The genomes of DKL3 and JGR2 along with seven other strains of L. plantarum were subjected to core genome-based phylogeny. DKL3 and JGR2 clustered separately from each other suggesting their diverse nature (Fig. 1a) and showed clustering of DKL3 with strain 16 and that of JGR2 with JDM1. The proteomes of these nine strains were also compared with a reference strain L. plantarum WCFS1 which is well-characterized to have potentially probiotic properties (Fig. 1b). This analysis resulted in the identification of four regions of high variability. Regions V1 (lp_0624 to lp_0683) and V3 (lp_2398 to lp_2480) were found to be phage-related proteins, region V2 (lp_1176 to lp_1233) contained exopolysaccharide synthesis-related proteins; whereas, region V4 (lp_3590 to lp_3650) contained sugar metabolism-related proteins. These variable genomic regions are consistent with those previously reported47.

Figure 1
figure 1

Genome and proteome comparison of L. plantarum DKL2 and JGR2 with the reference strains. (a) Core genome-based phylogeny performed by neighbour-joining method and illustrated using iTOL (v6, https://itol.embl.de/).

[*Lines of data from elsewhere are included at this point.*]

(* Let $n=2k$ with $k\ge1$, and let $$W(X_1,\dots,X_n)=\sum_{j=1}^nX_j+\sum_{j=1}^n\frac1{X_j}+\prod_{j=1}^nX_j$$ on $(\mathbb{C}^* )^n$. Then every critical point of $W$ in $(\mathbb{C}^* )^n$ is non-degenerate, i.e. the Hessian matrix $(\partial^2W/\partial X_j\partial X_k)$ is invertible at every point where $\nabla W=0$.
   Context: $W$ is the superpotential $\sum_{v\in\mathrm{vert}(P)}x^v$ of the pseudo del Pezzo polytope $P^k_{pdP}\subset\mathbb{R}^{2k}$. This polytope is the convex hull of $\pm e_1,\dots,\pm e_{2k}$ and $e_1+\dots+e_{2k}$, and it is the polytope associated with the pseudo del Pezzo toric variety $U_k$. *)

From HB Require Import structures.
From mathcomp Require Import all_boot all_order all_algebra.
Set Implicit Arguments. Unset Strict Implicit. Unset Printing Implicit Defensive.
Import Order.TTheory GRing.Theory Num.Theory.
Local Open Scope ring_scope.

(* A Laurent polynomial in n variables over C, given as a finite list of
   monomials (coefficient, exponent vector in Z^n). *)
Definition laurent (C : Type) (n : nat) := seq (C * ('I_n -> int)).

Definition leval (C : unitRingType) (n : nat) (p : laurent C n) (x : 'I_n -> C) : C :=
  \sum_(m <- p) (fst m * \prod_(i < n) (x i) ^ (snd m i)).

Definition lderiv (C : unitRingType) (n : nat) (j : 'I_n) (p : laurent C n) : laurent C n :=
  [seq (fst m * (snd m j)%:~R, fun i => snd m i - (i == j)%:Z) | m <- p].

Definition W_pdP (C : unitRingType) (n : nat) : laurent C n :=
  [seq (1, fun i => (i == j)%:Z) | j <- enum 'I_n]
  ++ [seq (1, fun i => - (i == j)%:Z) | j <- enum 'I_n]
  ++ [:: (1, fun _ => 1%:Z)].

Definition gradient (C : unitRingType) (n : nat) (p : laurent C n) (x : 'I_n -> C) : 'I_n -> C :=
  fun j => leval (lderiv j p) x.

Definition hessian (C : unitRingType) (n : nat) (p : laurent C n) (x : 'I_n -> C) : 'M[C]_n :=
  \matrix_(i < n, j < n) leval (lderiv i (lderiv j p)) x.

From HB Require Import structures.
From mathcomp Require Import all_boot all_order all_algebra.
From mathcomp Require Import ring zify.
Set Implicit Arguments.
Unset Strict Implicit.
Unset Printing Implicit Defensive.
Import Order.TTheory GRing.Theory Num.Theory.
Local Open Scope ring_scope.

(* Write P = X_1 ... X_n.  Differentiating the Laurent polynomial gives
     dW/dX_j = (X_j^2 + P X_j - 1) / X_j^2,
     Hess W  = diag((2 - P X_j) / X_j^3) + P u^T u,   u_j = X_j^-1,
   so the Hessian is a diagonal matrix plus a rank-one matrix, and such a
   matrix D + c u^T u is invertible when D is and 1 + c sum_j u_j^2 / D_j != 0.
   At a critical point each X_j is a root of t^2 + P t - 1, so X_j is either
   a := X_1 or -a^-1; if m coordinates equal a and r = n - m equal -a^-1, then
   a - a^-1 = -P = -(a^m (-a^-1)^r).  The diagonal entries become
   (1 + X_j^2) / X_j^3 and the rank-one condition reads
   1 + (m - r)(1 - a^2)/(1 + a^2) != 0.  In characteristic 0 both 1 + a^2 != 0
   and this condition follow from the equation for a: otherwise a^2 is a
   rational function of the even integer d = m - r, and clearing denominators
   yields an integer identity 4 (d-1)^m (d+1)^r = (d+1)^(m+1) (d-1)^(r+1),
   impossible modulo 2.  The file first evaluates monomials and computes the
   gradient and Hessian of W, then proves the linear-algebra criterion, then the
   scalar facts about a, and finally combines them. *)

Lemma eq_by_relation (R : pzRingType) (h u v : R) : h = 0 -> u - v = h -> u = v.
Proof. by move=> h0 uv; apply/eqP; rewrite -subr_eq0 uv h0. Qed.

Lemma sum_two_valued (V : nmodType) (T : finType) (A : {set T}) (G : T -> V) (u w : V) :
  (forall j, j \in A -> G j = u) -> (forall j, j \notin A -> G j = w) ->
  \sum_j G j = u *+ #|A| + w *+ #|~: A|.
Proof.
move=> Gu Gw; rewrite (bigID (mem A)) /=; congr (_ + _).
  by rewrite -sumr_const; apply: eq_big => // j /Gu.
by rewrite -sumr_const; apply: eq_big => [j|j]; rewrite ?in_setC // => /Gw.
Qed.

Lemma prod_two_valued (R : comPzRingType) (T : finType) (A : {set T}) (G : T -> R) (u w : R) :
  (forall j, j \in A -> G j = u) -> (forall j, j \notin A -> G j = w) ->
  \prod_j G j = u ^+ #|A| * w ^+ #|~: A|.
Proof.
move=> Gu Gw; rewrite (bigID (mem A)) /=; congr (_ * _).
  by rewrite -prodr_const; apply: eq_big => // j /Gu.
by rewrite -prodr_const; apply: eq_big => [j|j]; rewrite ?in_setC // => /Gw.
Qed.

Lemma sum_supported (R : nmodType) (I : finType) (j : I) (G : I -> R) :
  (forall l, l != j -> G l = 0) -> \sum_l G l = G j.
Proof. by move=> G0; rewrite (bigD1 j) //= big1 ?addr0. Qed.

Section Monomials.
Variables (F : fieldType) (n : nat) (x : 'I_n -> F).
Hypothesis x_neq0 : forall l, x l != 0.

Lemma monomialD (e f : 'I_n -> int) :
  \prod_l x l ^ (e l + f l) = \prod_l x l ^ e l * \prod_l x l ^ f l.
Proof. by rewrite -big_split; apply: eq_bigr => l _; rewrite expfzDr. Qed.

Lemma monomial_const (c : int) : \prod_l x l ^ c = (\prod_l x l) ^ c.
Proof. by rewrite (big_morph (fun y => y ^ c) (fun y z => expfzMl y z c) (exp1rz _ c)). Qed.

Lemma monomial_delta (j : 'I_n) (c : int) : \prod_l x l ^ (c * (l == j)%:Z) = x j ^ c.
Proof.
rewrite (bigD1 j) //= eqxx mulr1 big1 ?mulr1 // => l /negbTE ->.
by rewrite mulr0 expr0z.
Qed.

Lemma monomial_delta1 (j : 'I_n) : \prod_l x l ^ (l == j)%:Z = x j.
Proof. by under eq_bigr => l _ do rewrite -[(l == j)%:Z]mul1r; rewrite monomial_delta expr1z. Qed.

Lemma monomial_deltaN (j : 'I_n) : \prod_l x l ^ (- (l == j)%:Z) = (x j)^-1.
Proof. by under eq_bigr => l _ do rewrite -mulN1r; rewrite monomial_delta exprN1. Qed.

Lemma monomial_subdelta (e : 'I_n -> int) (j : 'I_n) :
  \prod_l x l ^ (e l - (l == j)%:Z) = (\prod_l x l ^ e l) / x j.
Proof. by rewrite (monomialD e (fun l => - (l == j)%:Z)) monomial_deltaN. Qed.

End Monomials.

Lemma lderiv_cat (R : unitRingType) n j (p q : laurent R n) :
  lderiv j (p ++ q) = lderiv j p ++ lderiv j q.
Proof. exact: map_cat. Qed.

Lemma leval_cat (R : unitRingType) n (p q : laurent R n) x :
  leval (p ++ q) x = leval p x + leval q x.
Proof. exact: big_cat. Qed.

Lemma lderiv_enum (R : unitRingType) n j (f : 'I_n -> R * ('I_n -> int)) :
  lderiv j [seq f l | l <- enum 'I_n] =
  [seq ((f l).1 * ((f l).2 j)%:~R, fun i => (f l).2 i - (i == j)%:Z) | l <- enum 'I_n].
Proof. by rewrite /lderiv -map_comp. Qed.

Lemma leval_enum (R : unitRingType) n (f : 'I_n -> R * ('I_n -> int)) x :
  leval [seq f l | l <- enum 'I_n] x = \sum_l (f l).1 * \prod_i x i ^ (f l).2 i.
Proof. by rewrite /leval big_map enumT. Qed.

Lemma gradient_W (F : fieldType) n (x : 'I_n -> F) (j : 'I_n) :
  (forall l, x l != 0) ->
  gradient (W_pdP F n) x j = (x j ^+ 2 + (\prod_i x i) * x j - 1) / x j ^+ 2.
Proof.
move=> x_neq0.
rewrite /gradient /W_pdP !lderiv_cat !lderiv_enum !leval_cat !leval_enum /leval big_seq1 /=.
rewrite !(@sum_supported _ _ j) => [|l|l]; last first.
- by rewrite eq_sym => /negbTE ->; rewrite mulr0z mulr0 mul0r.
- by rewrite eq_sym => /negbTE ->; rewrite oppr0 mulr0z mulr0 mul0r.
rewrite /= eqxx !monomial_subdelta // monomial_delta1 monomial_deltaN monomial_const //.
by rewrite expr1z !mul1r rmorphN rmorph1; field; exact: x_neq0.
Qed.

Lemma hessian_W (F : fieldType) n (x : 'I_n -> F) :
  (forall l, x l != 0) ->
  hessian (W_pdP F n) x =
  diag_mx (\row_i ((2 - (\prod_l x l) * x i) / x i ^+ 3))
  + (\prod_l x l) *: ((\row_i (x i)^-1)^T *m \row_i (x i)^-1).
Proof.
move=> x_neq0; apply/matrixP => i j.
rewrite /hessian !mxE big_ord1 !mxE.
rewrite /W_pdP !lderiv_cat !lderiv_enum !leval_cat !leval_enum /leval big_seq1 /=.
rewrite !(@sum_supported _ _ j) => [|l|l]; last first.
- by rewrite eq_sym => /negbTE ->; rewrite mulr0z mulr0 !mul0r.
- by rewrite eq_sym => /negbTE ->; rewrite oppr0 mulr0z mulr0 !mul0r.
rewrite /= eqxx subrr !monomial_subdelta // monomial_deltaN monomial_const // expr1z.
have [<-|/negbTE ne] := eqVneq i j; rewrite ?eqxx ?ne /=.
- by rewrite !(rmorphB, rmorphN, rmorph0, rmorph1) mulr1n; field; exact: x_neq0.
- by rewrite !(rmorphB, rmorphN, rmorph0, rmorph1) mulr0n; field; rewrite !x_neq0.
Qed.

(* Diagonal plus rank one: if v (D + c u^T u) = 0 then v_j = -c s u_j / D_j with
   s = v u^T, and summing gives s (1 + c sum_j u_j^2 / D_j) = 0, so s = 0 = v. *)
Lemma unitmx_diag_add_rank1 (F : fieldType) n (d u : 'rV[F]_n) (c : F) :
  (forall j, d 0 j != 0) ->
  1 + c * \sum_j u 0 j ^+ 2 / d 0 j != 0 ->
  diag_mx d + c *: (u^T *m u) \in unitmx.
Proof.
move=> d_neq0 sum_neq0.
rewrite -row_free_unit -kermx_eq0; apply/rowV0P => v /sub_kermxP.
rewrite mulmxDr -scalemxAr mulmxA => /matrixP kerv.
pose s := (v *m u^T) 0 0.
have vE j : v 0 j = - c * s * u 0 j / d 0 j.
  have := kerv 0 j; rewrite mul_mx_diag !mxE big_ord1 -/s => eq0.
  by apply: (mulIf (d_neq0 j)); rewrite divfK //; apply: (eq_by_relation eq0); ring.
have s0 : s = 0.
  have : s * (1 + c * \sum_j u 0 j ^+ 2 / d 0 j) = 0.
    rewrite mulrDr mulr1 mulr_sumr mulr_sumr {1}/s mxE -big_split /=.
    by apply: big1 => j _; rewrite mxE vE; field.
  by move/eqP; rewrite mulf_eq0 (negbTE sum_neq0) orbF => /eqP.
by apply/rowP => j; rewrite vE s0 mxE !(mulr0, mul0r).
Qed.

Lemma quadratic_other_root (K : fieldType) (P a t : K) :
  a != 0 -> a ^+ 2 + P * a - 1 = 0 -> t ^+ 2 + P * t - 1 = 0 -> t = a \/ t = - a^-1.
Proof.
move=> a_neq0 root_a root_t.
have aP : a + P = a^-1.
  by apply: (mulfI a_neq0); rewrite mulfV //; apply: (eq_by_relation root_a); ring.
have : (t - a) * (t + a^-1) = (t ^+ 2 + P * t - 1) - (a ^+ 2 + P * a - 1).
  by rewrite -aP; ring.
rewrite root_t root_a subrr => /eqP; rewrite mulf_eq0 subr_eq0 addr_eq0.
by case/orP => /eqP ->; [left | right].
Qed.

(* With e even, 4 (e-1)^m (e+1)^r is even while (e+1)^(m+1) (e-1)^(r+1) is odd. *)
Lemma parity_obstruction (e : int) (m r : nat) : (2 %| e)%Z ->
  4 * (e - 1) ^+ m * (e + 1) ^+ r != (e + 1) ^+ m.+1 * (e - 1) ^+ r.+1.
Proof.
case/dvdzP=> D ->; apply/eqP => /(congr1 (fun z : int => (z%:~R : 'F_2))).
rewrite !rmorphM !rmorphXn !rmorphD !rmorphN !rmorphM /= !rmorph1.
have two0 : (2%:~R : 'F_2) = 0 by apply/eqP.
have four0 : (1 + (1 + (1 + 1)) : 'F_2) = 0 by apply/eqP.
have minus1 : (- 1 : 'F_2) = 1 by apply/eqP.
rewrite two0 four0 minus1 !mulr0 !add0r !expr1n !mul1r !mul0r.
by move=> zero_one; have := @oner_neq0 'F_2; rewrite -{1}zero_one eqxx.
Qed.

Lemma power_identity (K : fieldType) (b d : K) (m r : nat) :
  b != 0 -> b * (d - 1) = d + 1 -> b - 2 + b^-1 = b ^+ m * b^-1 ^+ r ->
  4 * (d - 1) ^+ m * (d + 1) ^+ r = (d + 1) ^+ m.+1 * (d - 1) ^+ r.+1.
Proof.
move=> b_neq0 bd bE.
have bd' : b^-1 * (d + 1) = d - 1 by rewrite -bd mulKf.
have four : (b - 2 + b^-1) * ((d - 1) * (d + 1)) = 4.
  transitivity (b * (d - 1) * (d + 1) - 2 * ((d - 1) * (d + 1)) + b^-1 * (d + 1) * (d - 1)).
    by field.
  by rewrite bd bd'; ring.
rewrite -four bE.
transitivity ((b * (d - 1)) ^+ m * (b^-1 * (d + 1)) ^+ r * ((d - 1) * (d + 1))).
  by rewrite !exprMn; ring.
by rewrite bd bd' !exprS; ring.
Qed.

(* The equation a - a^-1 = -(a^m (-a^-1)^r) satisfied by a coordinate of a
   critical point, with m + r even, in characteristic 0. *)
Section CriticalEquation.
Variables (C : numFieldType) (a : C) (m r k : nat).
Hypotheses (a_neq0 : a != 0) (mr_even : (m + r = 2 * k)%N).
Hypothesis crit_eq : a - a^-1 = - (a ^+ m * (- a^-1) ^+ r).

(* If a^2 = -1 then -a^-1 = a, and the equation gives 2a = -a^(2k), whose
   square reads -4 = 1. *)
Lemma one_add_sqr_neq0 : 1 + a ^+ 2 != 0.
Proof.
apply/negP => /eqP sum0.
have a2 : a ^+ 2 = -1 by apply/eqP; rewrite -subr_eq0 opprK addrC sum0.
have ainv : a^-1 = - a.
  by apply: (mulfI a_neq0); rewrite mulfV // mulrN -expr2 a2 opprK.
move: crit_eq; rewrite ainv opprK -exprD mr_even exprM a2.
move=> /(congr1 (fun z => z ^+ 2)); rewrite sqrrN -exprM mulnC exprM sqrrN !expr1n.
have -> : (a + a) ^+ 2 = 4 * a ^+ 2 by ring.
rewrite a2 => /eqP; rewrite -subr_eq0.
have -> : 4 * -1 - 1 = - (5%:R : C) by ring.
by rewrite oppr_eq0 pnatr_eq0.
Qed.

Lemma one_add_sqr_inv_neq0 : 1 + (- a^-1) ^+ 2 != 0.
Proof.
have -> : 1 + (- a^-1) ^+ 2 = (1 + a ^+ 2) / a ^+ 2 by field.
by rewrite mulf_neq0 ?invr_neq0 ?expf_neq0 ?one_add_sqr_neq0.
Qed.

Lemma ratio_inv :
  (1 - (- a^-1) ^+ 2) / (1 + (- a^-1) ^+ 2) = - ((1 - a ^+ 2) / (1 + a ^+ 2)).
Proof. by field; rewrite one_add_sqr_neq0. Qed.

Lemma signed_count_neq0 : 1 + (m%:R - r%:R) * ((1 - a ^+ 2) / (1 + a ^+ 2)) != 0.
Proof.
set d : C := m%:R - r%:R.
apply/negP => /eqP sum0.
have bd : a ^+ 2 * (d - 1) = d + 1.
  have := congr1 (fun z => z * (1 + a ^+ 2)) sum0; rewrite mul0r => eq0.
  by apply/esym/(eq_by_relation eq0); field; rewrite one_add_sqr_neq0.
have bE : a ^+ 2 - 2 + (a ^+ 2)^-1 = a ^+ 2 ^+ m * (a ^+ 2)^-1 ^+ r.
  rewrite -exprVn; have := congr1 (fun z => z ^+ 2) crit_eq.
  by rewrite sqrrN exprMn !(exprAC _ _ 2) sqrrN => <-; field.
have := power_identity (expf_neq0 2 a_neq0) bd bE.
have dE : d = (m%:Z - r%:Z)%:~R by rewrite rmorphB.
have e_even : (2 %| m%:Z - r%:Z)%Z by apply/dvdzP; exists (k%:Z - r%:Z); lia.
rewrite dE; move: (m%:Z - r%:Z) e_even => e e_even key.
have /eqP := parity_obstruction m r e_even; apply; apply: (@intr_inj C).
by rewrite !(rmorphM, rmorphXn, rmorphD, rmorphN, rmorph1).
Qed.

End CriticalEquation.

Section CriticalPoints.
Variables (C : numFieldType) (k : nat) (x : 'I_(2 * k) -> C).
Hypotheses (k_gt0 : (0 < k)%N) (x_neq0 : forall j, x j != 0).
Hypothesis critical : forall j, x j ^+ 2 + (\prod_i x i) * x j - 1 = 0.

Lemma critical_point_data :
  (forall j, 1 + x j ^+ 2 != 0) /\ 1 + \sum_j (1 - x j ^+ 2) / (1 + x j ^+ 2) != 0.
Proof.
have i0_lt : (0 < 2 * k)%N by rewrite muln_gt0.
pose a := x (Ordinal i0_lt).
have a_neq0 : a != 0 := x_neq0 _.
have root_a : a ^+ 2 + (\prod_i x i) * a - 1 = 0 := critical _.
have values j : x j = a \/ x j = - a^-1 := quadratic_other_root a_neq0 root_a (critical j).
pose A := [set j | x j == a].
have inA j : j \in A -> x j = a by rewrite inE => /eqP.
have notinA j : j \notin A -> x j = - a^-1.
  by rewrite inE; case: (values j) => ->; rewrite ?eqxx.
have card : (#|A| + #|~: A| = 2 * k)%N by rewrite cardsC card_ord.
have crit_a : a - a^-1 = - (a ^+ #|A| * (- a^-1) ^+ #|~: A|).
  rewrite -(prod_two_valued inA notinA); apply: (mulfI a_neq0).
  by apply: (eq_by_relation root_a); field.
split.
  move=> j; case: (values j) => ->.
  - exact: one_add_sqr_neq0 a_neq0 card crit_a.
  - exact: one_add_sqr_inv_neq0 a_neq0 card crit_a.
rewrite (sum_two_valued (A := A) (u := (1 - a ^+ 2) / (1 + a ^+ 2))
                        (w := (1 - (- a^-1) ^+ 2) / (1 + (- a^-1) ^+ 2))); last 2 first.
- by move=> j /inA ->.
- by move=> j /notinA ->.
rewrite (ratio_inv a_neq0 card crit_a) mulNrn.
by have := signed_count_neq0 a_neq0 card crit_a; rewrite mulrBl !mulr_natl.
Qed.

End CriticalPoints.

Theorem mainTheorem7 (C : numClosedFieldType) (k : nat) (hk : (1 <= k)%N)
    (x : 'I_(2 * k) -> C) :
  (forall i, x i != 0) ->
  (forall j, gradient (W_pdP C (2 * k)) x j = 0) ->
  hessian (W_pdP C (2 * k)) x \in unitmx.
Proof.
move=> x_neq0 grad0.
set P := \prod_i x i.
have critical j : x j ^+ 2 + P * x j - 1 = 0.
  move: (grad0 j); rewrite gradient_W // => /eqP.
  by rewrite mulf_eq0 invr_eq0 expf_eq0 (negbTE (x_neq0 j)) andbF orbF => /eqP.
have [sq_neq0 sum_neq0] := critical_point_data hk x_neq0 critical.
have diag_eq j : 2 - P * x j = 1 + x j ^+ 2.
  by apply/esym/(eq_by_relation (critical j)); ring.
rewrite hessian_W //; apply: unitmx_diag_add_rank1 => [j|].
  by rewrite mxE diag_eq mulf_neq0 ?invr_neq0 ?expf_neq0.
rewrite mulr_sumr (eq_bigr (fun j => (1 - x j ^+ 2) / (1 + x j ^+ 2))) // => j _.
have numer_eq : 1 - x j ^+ 2 = P * x j.
  by apply/esym/(eq_by_relation (critical j)); ring.
by rewrite !mxE diag_eq numer_eq -/P; field; rewrite sq_neq0 x_neq0.
Qed.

Only the bootstrap values < 100% are shown in figure. (b) Proteome comparison using PATRIC (v 3.6.12, https://www.patricbrc.org/) showing the genomic regions (V1-V4) encoding the variable proteins. List of tracks, from outside to inside: L. plantarum WCFS1, ST-III, JDM1, P-8, 16, ZJ316, DSM 20174, DKL3, and JGR2.

Using PATRIC BRC, the unique proteins were identified as the members of unique PGFam across the selected strains (Table S7 and S7, supplementary files). Lactiplantibacillus plantarum WCFS1 which is a well-characterized and potentially probiotic strain had the highest number (32) of unique proteins followed by JGR2 (23), and DKL3 (7). Most of the unique proteins found in DKL3 and JGR2 were phage and sugar metabolism-related, which are known to be variable in L. plantarum47. This might result in the sugar metabolism of our strains being different from the seven other well-characterized strains including some of the established probiotic candidates (Tables S7 and S8, supplementary files). Since carbohydrate metabolism is strongly associated with the prebiotic, probiotic, and industrial properties through the exopolysaccharides production and utilization oligosaccharides1,8, the potentially unique features of JGR2 and DKL3 in this aspect are being investigated. Pyruvate dehydrogenase (quinone) and heme-transporter (IsdDEF) were also found to be two of the unique proteins in our isolates amongst the selected strains. Heme-transporter IsdDEF is an ABC transporter for heme transport across the membrane and has been well characterized in S. aureus48. Both these genes are likely to contribute to the respiratory growth with enhanced biomass and higher yields of value-added chemicals including diacetyl and acetoin49. Thus, it will be worth analysing the plausible uniqueness of JGR2 in this regard in comparison to the established probiotic and industrial candidates not having these genes.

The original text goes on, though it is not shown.